В голову закрались мысли о том, что с Брюсом сего явления не возникло — «приятельская волна» установилась сразу, говорить с ним было приятно и незатруднительно, слова воистину лились нескончаемым потоком, и хотелось обсудить все на свете: любит он чай или кофе, где покупал наивкуснейшие пончики с сахарной пудрой, на самом ли деле ему нравятся истории о Шерлоке Холмсе и почему. Превращаться неожиданно для самой себя в подобие экстраверта, покуда, как правило, болтливый до безобразия Тони молча пил чай и лишь изредка дополнял дискуссию репликами.
С Киллианом было сложнее. В его обществе я не чувствовала себя раскрепощенно, тщательно подбирала произносимые слова, возвращала улыбку не до конца искреннюю. Может, теория о «своих» людях действительно имеет место быть? Как иначе объяснить летящее притяжение к одним, которых чувствуешь, точно самих себя, не контролируя речь и незаметно делясь всем без разбора, и сковывающую опаску по отношению к другим?

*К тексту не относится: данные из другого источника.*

(* Let $p$ be a prime, $s\geq3$, $n\geq1$, $K\in\{\mathbb Z,\mathbb Z_p,\mathbb Z_{(p)}\}$, $F$ a field containing $K$, and $G=\langle a\rangle\cong C_{p^s}$. Let $\Delta$ be the $K$-representation of $G$ given by $\Delta(a)=\begin{pmatrix}\Delta_1(a)&U(a)\\0&\Delta_2(a)\end{pmatrix}$, where $\Delta_1=\delta_0^{(n)}\oplus\delta_1^{(n)}$, $\Delta_2=\delta_2^{(n)}\oplus\delta_s^{(n)}$, and $U(a)=\begin{pmatrix}E_n\otimes\langle1\rangle_0&J_n\otimes\langle1\rangle_0\\ E_n\otimes\langle1\rangle_1&J_n\otimes\langle1\rangle_1\end{pmatrix}$. Let $M_\Delta=K^N$ be the corresponding lattice with standard basis, let $v$ be the first basis vector, and define $T_\Delta:G\to\widehat{M_\Delta}$ by $T_\Delta(a^j)=jp^{-s}v+M_\Delta$ for $j=0,1,\dots,p^s-1$. Then $T_\Delta$ is a $1$-cocycle, and $T_\Delta$ is not cohomologous to zero at the element $b=a^{p^{s-1}}$ of order $p$, i.e. there is no $x\in FM_\Delta$ with $T_\Delta(b)=(b-1)x+M_\Delta$.
   Context: For $t\geq0$ let $K_t=K[x]/(\Phi_{p^t}(x))$ ($\Phi_{p^t}$ the $p^t$-th cyclotomic polynomial; $K_0=K$), $\xi_t$ the image of $x$ (a primitive $p^t$-th root of unity), so $\xi_{t-1}=\xi_t^p$. Define ordered $K$-bases $B_0=\{1\}$, $B_1=(1,\xi_1,\dots,\xi_1^{p-2})$, and for $j\geq2$, $B_j$ is the concatenation of $\xi_j^0B_{j-1},\xi_j^1B_{j-1},\dots,\xi_j^{p-1}B_{j-1}$. For $t\leq s$, $\delta_t$ is the matrix representation of $G$ on $K_t$ (with $a$ acting as multiplication by $\xi_t$) in the basis $B_t$ (columns = coordinates of images of basis vectors); $\delta_t^{(n)}$ is the direct sum of $n$ copies. $E_n$ is the identity and $J_n$ the $n\times n$ Jordan block with ones on the diagonal (and superdiagonal). For $\omega\in K_t$ ($t=0,1$), $\langle\omega\rangle_t$ denotes the matrix with $|B_t|$ rows all of whose columns are zero except the last, which is the coordinate column of $\omega$ in $B_t$; in $E_n\otimes\langle\cdot\rangle_t$ its number of columns is $\deg\delta_2$, in $J_n\otimes\langle\cdot\rangle_t$ it is $\deg\delta_s$. $FM=F\otimes_KM$, $\widehat M=FM/M$ with $g(x+M)=gx+M$; a $1$-cocycle is $T:G\to\widehat M$ with $T(gh)=gT(h)+T(g)$. *)

From HB Require Import structures.
From mathcomp Require Import all_boot all_order all_algebra.
From mathcomp Require Import cyclotomic.
From mathcomp Require Import mxtens.
Set Implicit Arguments. Unset Strict Implicit. Unset Printing Implicit Defensive.
Import Order.TTheory GRing.Theory Num.Theory.
Local Open Scope ring_scope.

(* deg delta_t = [K_t : K] = phi(p^t) (= 1 for t = 0) *)
Definition dg (p t : nat) : nat := totient (p ^ t).

(* bexp p t i = the exponent e such that the i-th element of the ordered basis
   B_t is xi_t^e.  B_0 = (1), B_1 = (1, xi_1, ..., xi_1^(p-2)), and for t >= 2
   B_t = xi_t^0 B_(t-1) ++ ... ++ xi_t^(p-1) B_(t-1), where xi_(t-1) = xi_t^p. *)
Fixpoint bexp (p t i : nat) {struct t} : nat :=
  match t with
  | 0 => 0
  | t'.+1 => if t' is 0 then i
             else (i %/ dg p t' + p * bexp p t' (i %% dg p t'))%N
  end.

(* coordinate column of (the class of) w in K_t = K[x]/(Phi_(p^t)), basis B_t *)
Definition coordB (p t : nat) (w : {poly int}) : 'cV[int]_(dg p t) :=
  \col_i ((w %% 'Phi_(p ^ t))`_(bexp p t i)).

(* delta_t(a): multiplication by xi_t on K_t in the basis B_t
   (columns = coordinates of the images of the basis vectors) *)
Definition delta (p t : nat) : 'M[int]_(dg p t) :=
  \matrix_(i, j) (coordB p t ('X ^+ (bexp p t j).+1) i 0).

Definition angle (p t : nat) (w : {poly int}) (c : nat) : 'M[int]_(dg p t, c) :=
  \matrix_(i, j) (if val j == c.-1 then coordB p t w i 0 else 0).

Definition jordan (n : nat) : 'M[int]_n :=
  \matrix_(i, j) (if (val i == val j) || ((val i).+1 == val j) then 1 else 0).

Definition deltan (p t n : nat) : 'M[int]_(n * dg p t) :=
  (1%:M : 'M[int]_n) *t delta p t.

Definition Delta1 (p n : nat) := block_mx (deltan p 0 n) 0 0 (deltan p 1 n).
Definition Delta2 (p s n : nat) := block_mx (deltan p 2 n) 0 0 (deltan p s n).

Будь я смелее и бесцеремонней, обязательно попросила бы у Брюса номер и была счастлива от одной лишь возможности дружить, но мне, увы, даже представлять было неловко, что он обо мне подумает, обратись я с сего рода просьбой. Не исключаю, что Олдрич хороший парень, но…
Мы будто выпали из разных коробок пазлов.
— Все то же вселенское господство, забыла? — он повернул ключ в замочной скважине, и за дверью послышалось шкрябание да тихое поскуливание. — Но сперва напою тебя чаем… Ахилл!
Золотистый ретривер подал звонкий голос и подпрыгнул на задних лапах, готовый сбить Киллиана с ног порывом отчаянной собачьей преданности.
Мне удалось временно избежать нападения, спрятавшись за спиной Олдрича. Ахилл тянулся дружелюбной мордой к лицу, периодически чмокая длинным языком и пытаясь облизать зажмурившегося Киллиана.
— Ну, все-все, — он почесал собаку за ухом и коротко наклонился вперед, подставил щеку, сдаваясь, что против воли вызвало у меня улыбку. — Прекращай шалеть. Надеюсь, ты не боишься собак, — обратился ко мне, — а то эти больно любвеобильные.
— Не боюсь, — подбежавшая дворняжка, с любопытством обнюхивающая сапоги, была совсем маленькой, игриво махала хвостом и взирала с чистейшим доверием. Нотти, надо полагать; вспомнилась фраза о том, что собаки помнят доброту. — Привет, — я присела на корточки, поглаживая пальцами черепушку размером с собственную ладонь. Шерстка оказалась мягкой и гладкой на ощупь.
Задавшись вопросом, есть ли «Ахилл» — сокращение от «Ахиллес», мы завели разговор о мифах Древней Греции, плавно перетекший в тему экзаменов, что скоро набьет оскомину, да личных профильных предпочтений и планов о поступлении. Олдрич знал историю поверхностно, без свойственного мне фанатизма, зато всей душой проникался к биологии, о которой я выговорилась с откровенным «фи».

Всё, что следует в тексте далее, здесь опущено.